Lemma f1f2'_pow_f2_approx k : exists2 f, wspan (3 * k + 2) f &
  (f1 * f2') ^+ k * (f1 * f2' * f2) = (ga * be ^+ k) *: D ^+ k.+1 + f.
Proof.
set c := 1 + al * kap.
have span_f1f2 : wspan 2 (c *: (f1 * f2)).
  by apply: wspanZ; exact: spanM wspan_f1 wspan_f2.
case: k => [|k].
  by exists (c *: (f1 * f2)); rewrite // f1f2'f2E expr0 mul1r mulr1 expr1 addrC.
have [f span_f ->] := f1f2'_pow_approx k.
set P := al ^+ k.+1 *: U ^+ k.+1 + be ^+ k.+1 *: D ^+ k.+1.
exists ((al ^+ k.+1 * ga) *: (U ^+ k.+1 * D)
        + (P * (c *: (f1 * f2)) + f * (c *: (f1 * f2) + ga *: D))).
  apply: wspanD; [|apply: wspanD].
  - apply: wspanZ; rewrite exprSr -mulrA.
    apply: wspan_mono (spanM (spanX k wspan_U) wspan_UD); lia.
  - apply: wspan_mono (spanM (_ : wspan (3 * k.+1) P) span_f1f2); first lia.
    by apply: wspanD; apply: wspanZ; apply: spanX; [apply: wspan_U | apply: wspan_D].
  - apply: wspan_mono (spanM span_f (_ : wspan 3 (c *: (f1 * f2) + ga *: D))); first lia.
    apply: wspanD; last by apply/wspanZ/wspan_D.
    exact: wspan_mono span_f1f2.
have PD : P * (ga *: D) =
    (al ^+ k.+1 * ga) *: (U ^+ k.+1 * D) + (ga * be ^+ k.+1) *: D ^+ k.+2.
  rewrite /P mulrDl -!scalerAl -!scalerAr !scalerA -exprSr.
  by rewrite [be ^+ k.+1 * ga]mulrC.
rewrite f1f2'f2E -/c mulrDl mulrDr PD.
by rewrite !addrA (ACl (3*2*1*4)).
Qed.

Variable tau : A -> K.
Hypothesis tau_trace : is_trace tau.

Lemma tauC x y : tau (x * y) = tau (y * x).
Proof. by case: tau_trace. Qed.

Lemma tauD x y : tau (x + y) = tau x + tau y.
Proof. by case: tau_trace => lin _; rewrite -[x]scale1r lin mul1r scale1r. Qed.

Lemma tau0 : tau 0 = 0.
Proof. by apply: (@addrI _ (tau 0)); rewrite -tauD !addr0. Qed.

Lemma tauZ k x : tau (k *: x) = k * tau x.
Proof. by case: tau_trace => lin _; have := lin k x 0; rewrite !addr0 tau0 addr0. Qed.

Definition markov_reducible (x : A) : Prop :=
  exists b (ms : seq A), [/\ in_subalg2 g1 u b,
    forall i, (i < size ms)%N -> markov_elt g1 u g2 (nth 0 ms i) &
    tau x = tau (b + \sum_(m <- ms) m)].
§ §
Exercise goal: Copy out every entry, keeping each line exactly as it is.

Result:
Lemma f1f2'_pow_f2_approx k : exists2 f, wspan (3 * k + 2) f &
  (f1 * f2') ^+ k * (f1 * f2' * f2) = (ga * be ^+ k) *: D ^+ k.+1 + f.
Proof.
set c := 1 + al * kap.
have span_f1f2 : wspan 2 (c *: (f1 * f2)).
  by apply: wspanZ; exact: spanM wspan_f1 wspan_f2.
case: k => [|k].
  by exists (c *: (f1 * f2)); rewrite // f1f2'f2E expr0 mul1r mulr1 expr1 addrC.
have [f span_f ->] := f1f2'_pow_approx k.
set P := al ^+ k.+1 *: U ^+ k.+1 + be ^+ k.+1 *: D ^+ k.+1.
exists ((al ^+ k.+1 * ga) *: (U ^+ k.+1 * D)
        + (P * (c *: (f1 * f2)) + f * (c *: (f1 * f2) + ga *: D))).
  apply: wspanD; [|apply: wspanD].
  - apply: wspanZ; rewrite exprSr -mulrA.
    apply: wspan_mono (spanM (spanX k wspan_U) wspan_UD); lia.
  - apply: wspan_mono (spanM (_ : wspan (3 * k.+1) P) span_f1f2); first lia.
    by apply: wspanD; apply: wspanZ; apply: spanX; [apply: wspan_U | apply: wspan_D].
  - apply: wspan_mono (spanM span_f (_ : wspan 3 (c *: (f1 * f2) + ga *: D))); first lia.
    apply: wspanD; last by apply/wspanZ/wspan_D.
    exact: wspan_mono span_f1f2.
have PD : P * (ga *: D) =
    (al ^+ k.+1 * ga) *: (U ^+ k.+1 * D) + (ga * be ^+ k.+1) *: D ^+ k.+2.
  rewrite /P mulrDl -!scalerAl -!scalerAr !scalerA -exprSr.
  by rewrite [be ^+ k.+1 * ga]mulrC.
rewrite f1f2'f2E -/c mulrDl mulrDr PD.
by rewrite !addrA (ACl (3*2*1*4)).
Qed.

Variable tau : A -> K.
Hypothesis tau_trace : is_trace tau.

Lemma tauC x y : tau (x * y) = tau (y * x).
Proof. by case: tau_trace. Qed.

Lemma tauD x y : tau (x + y) = tau x + tau y.
Proof. by case: tau_trace => lin _; rewrite -[x]scale1r lin mul1r scale1r. Qed.

Lemma tau0 : tau 0 = 0.
Proof. by apply: (@addrI _ (tau 0)); rewrite -tauD !addr0. Qed.

Lemma tauZ k x : tau (k *: x) = k * tau x.
Proof. by case: tau_trace => lin _; have := lin k x 0; rewrite !addr0 tau0 addr0. Qed.

Definition markov_reducible (x : A) : Prop :=
  exists b (ms : seq A), [/\ in_subalg2 g1 u b,
    forall i, (i < size ms)%N -> markov_elt g1 u g2 (nth 0 ms i) &
    tau x = tau (b + \sum_(m <- ms) m)].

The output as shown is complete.